WORK TO COMPLETE: Nothing but the lines below between the line holding "(* x |-> (p x, q x)" and the line holding "residue_map piS /\ residue_map piT /\", inclusive, should appear in the answer, each set down exactly.

Content starts

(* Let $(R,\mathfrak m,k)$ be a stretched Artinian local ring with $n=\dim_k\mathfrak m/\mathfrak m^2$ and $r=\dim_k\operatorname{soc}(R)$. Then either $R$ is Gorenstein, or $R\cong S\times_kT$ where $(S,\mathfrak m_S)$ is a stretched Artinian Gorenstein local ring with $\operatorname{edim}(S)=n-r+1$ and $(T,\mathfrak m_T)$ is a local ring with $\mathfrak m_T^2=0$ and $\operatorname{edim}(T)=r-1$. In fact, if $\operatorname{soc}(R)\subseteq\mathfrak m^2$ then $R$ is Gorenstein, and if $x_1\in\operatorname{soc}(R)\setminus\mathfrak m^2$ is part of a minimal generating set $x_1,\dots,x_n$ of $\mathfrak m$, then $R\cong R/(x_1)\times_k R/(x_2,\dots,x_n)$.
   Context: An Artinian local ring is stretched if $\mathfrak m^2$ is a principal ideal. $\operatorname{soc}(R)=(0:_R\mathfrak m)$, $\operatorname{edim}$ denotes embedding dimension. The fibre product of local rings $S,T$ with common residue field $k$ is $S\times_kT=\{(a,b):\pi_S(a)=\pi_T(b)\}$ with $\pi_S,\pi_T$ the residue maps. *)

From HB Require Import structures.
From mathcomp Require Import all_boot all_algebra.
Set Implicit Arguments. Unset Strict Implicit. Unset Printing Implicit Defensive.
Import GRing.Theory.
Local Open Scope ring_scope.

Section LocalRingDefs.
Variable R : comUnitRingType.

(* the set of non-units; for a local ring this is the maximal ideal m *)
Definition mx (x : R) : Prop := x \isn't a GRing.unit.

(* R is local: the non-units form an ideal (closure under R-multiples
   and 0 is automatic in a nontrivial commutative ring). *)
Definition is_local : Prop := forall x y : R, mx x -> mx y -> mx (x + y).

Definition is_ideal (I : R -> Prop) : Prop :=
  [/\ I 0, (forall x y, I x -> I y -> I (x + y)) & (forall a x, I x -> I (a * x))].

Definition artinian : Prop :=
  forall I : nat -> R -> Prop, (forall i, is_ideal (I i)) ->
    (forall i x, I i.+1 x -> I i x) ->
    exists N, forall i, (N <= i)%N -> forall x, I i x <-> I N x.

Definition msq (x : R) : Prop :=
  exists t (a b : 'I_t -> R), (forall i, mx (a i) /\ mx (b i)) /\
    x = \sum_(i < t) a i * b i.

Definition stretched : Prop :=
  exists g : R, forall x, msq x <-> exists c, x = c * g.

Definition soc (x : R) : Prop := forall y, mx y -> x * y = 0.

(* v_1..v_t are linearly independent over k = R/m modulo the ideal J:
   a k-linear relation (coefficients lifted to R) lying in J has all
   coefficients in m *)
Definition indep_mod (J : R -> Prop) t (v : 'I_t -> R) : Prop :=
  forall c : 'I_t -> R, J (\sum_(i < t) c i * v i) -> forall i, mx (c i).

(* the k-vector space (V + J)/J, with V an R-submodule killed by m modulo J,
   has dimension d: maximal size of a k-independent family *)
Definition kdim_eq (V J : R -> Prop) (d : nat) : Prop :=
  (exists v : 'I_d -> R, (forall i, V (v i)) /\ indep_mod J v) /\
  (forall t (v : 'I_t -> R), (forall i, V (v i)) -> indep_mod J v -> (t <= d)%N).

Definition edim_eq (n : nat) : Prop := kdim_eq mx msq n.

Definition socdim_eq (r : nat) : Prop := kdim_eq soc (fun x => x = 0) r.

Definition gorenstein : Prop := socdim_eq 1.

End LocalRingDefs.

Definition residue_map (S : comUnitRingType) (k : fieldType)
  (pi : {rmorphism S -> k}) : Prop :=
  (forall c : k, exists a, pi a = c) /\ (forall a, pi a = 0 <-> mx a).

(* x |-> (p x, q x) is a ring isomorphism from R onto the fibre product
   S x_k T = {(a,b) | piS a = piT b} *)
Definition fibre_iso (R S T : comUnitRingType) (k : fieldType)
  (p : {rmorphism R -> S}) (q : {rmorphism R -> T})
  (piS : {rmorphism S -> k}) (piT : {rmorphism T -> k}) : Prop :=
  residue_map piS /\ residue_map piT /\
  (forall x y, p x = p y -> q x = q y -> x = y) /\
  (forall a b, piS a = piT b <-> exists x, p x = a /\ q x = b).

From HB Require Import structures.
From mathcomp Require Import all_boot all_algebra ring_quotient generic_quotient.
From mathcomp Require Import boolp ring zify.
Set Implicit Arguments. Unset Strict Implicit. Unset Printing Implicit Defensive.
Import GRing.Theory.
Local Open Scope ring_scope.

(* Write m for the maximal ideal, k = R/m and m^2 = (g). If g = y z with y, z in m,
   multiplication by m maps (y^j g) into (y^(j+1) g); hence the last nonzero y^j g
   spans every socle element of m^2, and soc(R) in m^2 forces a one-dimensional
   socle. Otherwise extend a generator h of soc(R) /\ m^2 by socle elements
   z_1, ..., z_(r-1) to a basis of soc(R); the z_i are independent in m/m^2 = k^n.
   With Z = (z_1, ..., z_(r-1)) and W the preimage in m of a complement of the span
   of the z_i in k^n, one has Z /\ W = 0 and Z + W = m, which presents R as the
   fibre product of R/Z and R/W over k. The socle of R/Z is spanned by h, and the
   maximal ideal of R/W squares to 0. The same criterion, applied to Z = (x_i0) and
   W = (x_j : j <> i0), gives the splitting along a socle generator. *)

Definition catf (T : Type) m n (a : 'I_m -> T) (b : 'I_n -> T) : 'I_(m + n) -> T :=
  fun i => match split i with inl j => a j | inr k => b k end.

Content ends
Content starts

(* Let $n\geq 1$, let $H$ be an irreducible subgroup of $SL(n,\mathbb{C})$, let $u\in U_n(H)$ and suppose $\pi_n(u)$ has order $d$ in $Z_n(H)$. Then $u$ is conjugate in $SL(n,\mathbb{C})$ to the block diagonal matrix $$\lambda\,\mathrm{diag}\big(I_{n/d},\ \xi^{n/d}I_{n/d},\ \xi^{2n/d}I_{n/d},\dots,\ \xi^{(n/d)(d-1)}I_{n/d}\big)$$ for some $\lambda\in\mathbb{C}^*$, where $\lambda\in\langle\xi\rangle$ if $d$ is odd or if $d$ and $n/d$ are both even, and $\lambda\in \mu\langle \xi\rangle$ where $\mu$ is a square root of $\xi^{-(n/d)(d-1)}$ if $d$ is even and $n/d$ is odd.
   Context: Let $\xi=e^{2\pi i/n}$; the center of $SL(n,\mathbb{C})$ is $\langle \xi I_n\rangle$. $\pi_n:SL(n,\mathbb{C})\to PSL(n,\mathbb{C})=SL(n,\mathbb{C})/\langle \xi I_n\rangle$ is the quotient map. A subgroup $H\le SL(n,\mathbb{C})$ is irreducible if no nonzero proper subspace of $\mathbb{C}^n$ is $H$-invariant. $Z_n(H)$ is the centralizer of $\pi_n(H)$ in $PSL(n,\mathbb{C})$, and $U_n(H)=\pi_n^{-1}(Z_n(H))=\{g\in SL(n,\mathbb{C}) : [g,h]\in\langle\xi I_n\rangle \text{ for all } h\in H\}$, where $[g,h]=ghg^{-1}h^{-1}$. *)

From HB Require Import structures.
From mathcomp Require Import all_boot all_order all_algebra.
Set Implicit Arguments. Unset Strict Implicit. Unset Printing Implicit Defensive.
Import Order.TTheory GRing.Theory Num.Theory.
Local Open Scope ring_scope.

Content ends

RESULT OF THIS TASK:
(* x |-> (p x, q x) is a ring isomorphism from R onto the fibre product
   S x_k T = {(a,b) | piS a = piT b} *)
Definition fibre_iso (R S T : comUnitRingType) (k : fieldType)
  (p : {rmorphism R -> S}) (q : {rmorphism R -> T})
  (piS : {rmorphism S -> k}) (piT : {rmorphism T -> k}) : Prop :=
  residue_map piS /\ residue_map piT /\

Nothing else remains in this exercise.